The video Blu-ray includes three other parts in along with the documentary film by Robert Litz and Jeremy Tusz.  There are five selections presented as complete videos with DTS-HD surround.  There is a Gallery of still photos of all the instruments and the various historical rooms.  The most unusual portion is the “7 x 9 Matrix: Andante for Musical Clock.”  It presents the same short Haydn work he was commissioned to compose for a mechanical musical clock of the period, played on each of the seven different keyboard instruments.  The viewer can then select one of the keyboards, and with the remote select which of the nine historical room acoustics you want to hear it performed in.  Taking 7 times 9 you thus have 63 different possible combinations! There is also a beautifully illustrated 66-page booklet with the set.
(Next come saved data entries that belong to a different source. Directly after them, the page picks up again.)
(* Let $d\ge2$ and let $P$ be an essential pattern subgroup of $G(d)$ with $P(d-1)=G(d-1)$ and $[G(d):P]=4$. Then there exist $k_0,\ldots,k_{d-2}\in\{0,1,2,3\}$ such that $P$ is generated by $\{a_iz_{k_i}: 0\le i\le d-2\}\cup\{[a_1,a_{d-1}]\}$, where $z_0=\mathrm{id}$, $z_1=a_{d-1}$, $z_2=a_{d-1}^{a_0}$, $z_3=[a_0,a_{d-1}]$.
   Context: Let $X=\{0,1\}$, $X^*$ the rooted binary tree of finite words, $G(d)$ the automorphism group of the finite tree of words of length $\le d$; finite sections $g(wv)=g(w)g_w(v)$; $\pi_k$ restriction to words of length $\le k$, $P(k)=\pi_k(P)$. A subgroup $P\le G(d)$ is an essential pattern group if for every $p\in P$ and $i\in\{0,1\}$ there is $q\in P$ with $\pi_{d-1}(q)=p_i$. For $0\le i\le d-1$, $a_i\in G(d)$ swaps $0^i0w$ with $0^i1w$ for all words $w$ and fixes all other words. $[h,k]=h^{-1}k^{-1}hk$ and $h^k=k^{-1}hk$. *)

From HB Require Import structures.
From mathcomp Require Import all_boot all_order all_fingroup.
Set Implicit Arguments. Unset Strict Implicit. Unset Printing Implicit Defensive.

(* Words over X = {0,1}: 0 = false, 1 = true. *)
Fixpoint words (n : nat) : seq (seq bool) :=
  if n is n'.+1 then [seq b :: w | b <- [:: false; true], w <- words n'] else [:: [::]].

Definition allwords (d : nat) : seq (seq bool) := flatten [seq words n | n <- iota 0 d.+1].

Lemma mem_words n w : (w \in words n) = (size w == n).
Proof.
elim: n w => [|n IH] w; first by case: w.
case: w => [|b w].
  by apply/flattenP => -[s /mapP [c _ ->] /mapP [w0 _]].
have Hm : forall c, (b :: w \in [seq c :: w0 | w0 <- words n]) = (c == b) && (w \in words n).
  move=> c; apply/mapP/andP => [[w0 Hw0 [-> ->]]|[/eqP -> Hw]]; first by [].
  by exists w.
rewrite /= ?cats0 !mem_cat ?in_nil ?orbF !Hm IH eqSS; by case: (b) => /=; rewrite ?andbF ?orbF.
Qed.

Lemma mem_allwords d w : (w \in allwords d) = (size w <= d).
Proof.
apply/flattenP/idP => [[s /mapP [n Hn ->]]|Hw].
  rewrite mem_words => /eqP Hs; rewrite mem_iota add0n ltnS in Hn; by rewrite Hs.
exists (words (size w)); last by rewrite mem_words.
by apply/mapP; exists (size w) => //; rewrite mem_iota add0n ltnS.
Qed.

(* Vertices of the finite tree of words of length <= d. *)
Notation W d := (seq_sub (allwords d)).

(* The action of a permutation of W d on words (identity outside W d). *)
Definition gact d (g : {perm W d}) (w : seq bool) : seq bool :=
  if insub w is Some x then ssval (g x) else w.

Definition parent (w : seq bool) : seq bool := take (size w).-1 w.

(* G(d): automorphisms of the rooted tree of words of length <= d, i.e.
   bijections preserving word length (hence the root) and the parent map. *)
Definition Gd (d : nat) : {set {perm W d}} :=
  [set g : {perm W d} | [forall x : W d,
     (size (ssval (g x)) == size (ssval x)) &&
     (gact g (parent (ssval x)) == parent (ssval (g x)))]].

(* a_i on words: swaps 0^i 0 w with 0^i 1 w, fixes all other words. *)
Definition aswap (i : nat) (w : seq bool) : seq bool :=
  if (take i w == nseq i false) && (i < size w)
  then set_nth false w i (~~ nth false w i) else w.

Lemma size_aswap i w : size (aswap i w) = size w.
Proof.
rewrite /aswap; case: ifP => // /andP [_ H].
by rewrite size_set_nth; apply/maxn_idPr.
Qed.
BD No. 1 is divided into four programs: Courting Nobility and The Music Lesson make use of the large Leydecker harpsichord and first a music room and then a larger hall at the Eisenstadt castle;  Quality Time and Haydn’s Workshop uses pieces performed on a clavichord in Saxon Style, played in two different-sized rooms of Haydn’s own house.  BD No. 2 has three programs: Your Most Serene Highness features the "Nicolaus Esterhazy Sonata" played on a French style harpsichord in the ceremonial Room of the Esterhazy Palace, The Score is the “Anno 1776 Sonatas,” played on a 1788 Tafel Klavier in the Chateau Ramezay in Montreal, and Equal to the Finest Masters presents the Auenbrugger Sonatas of 1780, played on an Anton Walter fortepiano in the Esterhazy Music Room.  BD No. 3’s three programs are: Musical Letters to a Princess, with the "Marie Esterhazy Sonatas" of 1784 played again on the Tafel Klavier; Viennese Culture, which uses the fortepiano again in the festival hall of the Lobkowitz Palace in Vienna, and finally The London Scene – works written by Haydn in London played on a Clementi piano in the Holywell Music Room at Oxford University. and

This is a sensitive, detailed and well-thought-out presentation – visually, sound-wise and note-wise. One comes away with an appreciation for the many varieties of keyboard instruments and how different they sound from today’s instruments. Also an appreciation for the major sonic effect the particular environment can have on the instrument being recorded.  The documentary is a fine survey of the unusual project in hi-res 16:9 video, and the fidelity of all the DTS-HD Master Audio music tracks is of course superb.  The great variety and most of all the historically/musically/acoustically accurate presentation of all of Haydn’s keyboard works is 100% more interesting than if Beghin had simply recorded a multi-disc set of all the Haydn keyboard works on the same instrument (or a couple instruments) in exactly the same hall or studio.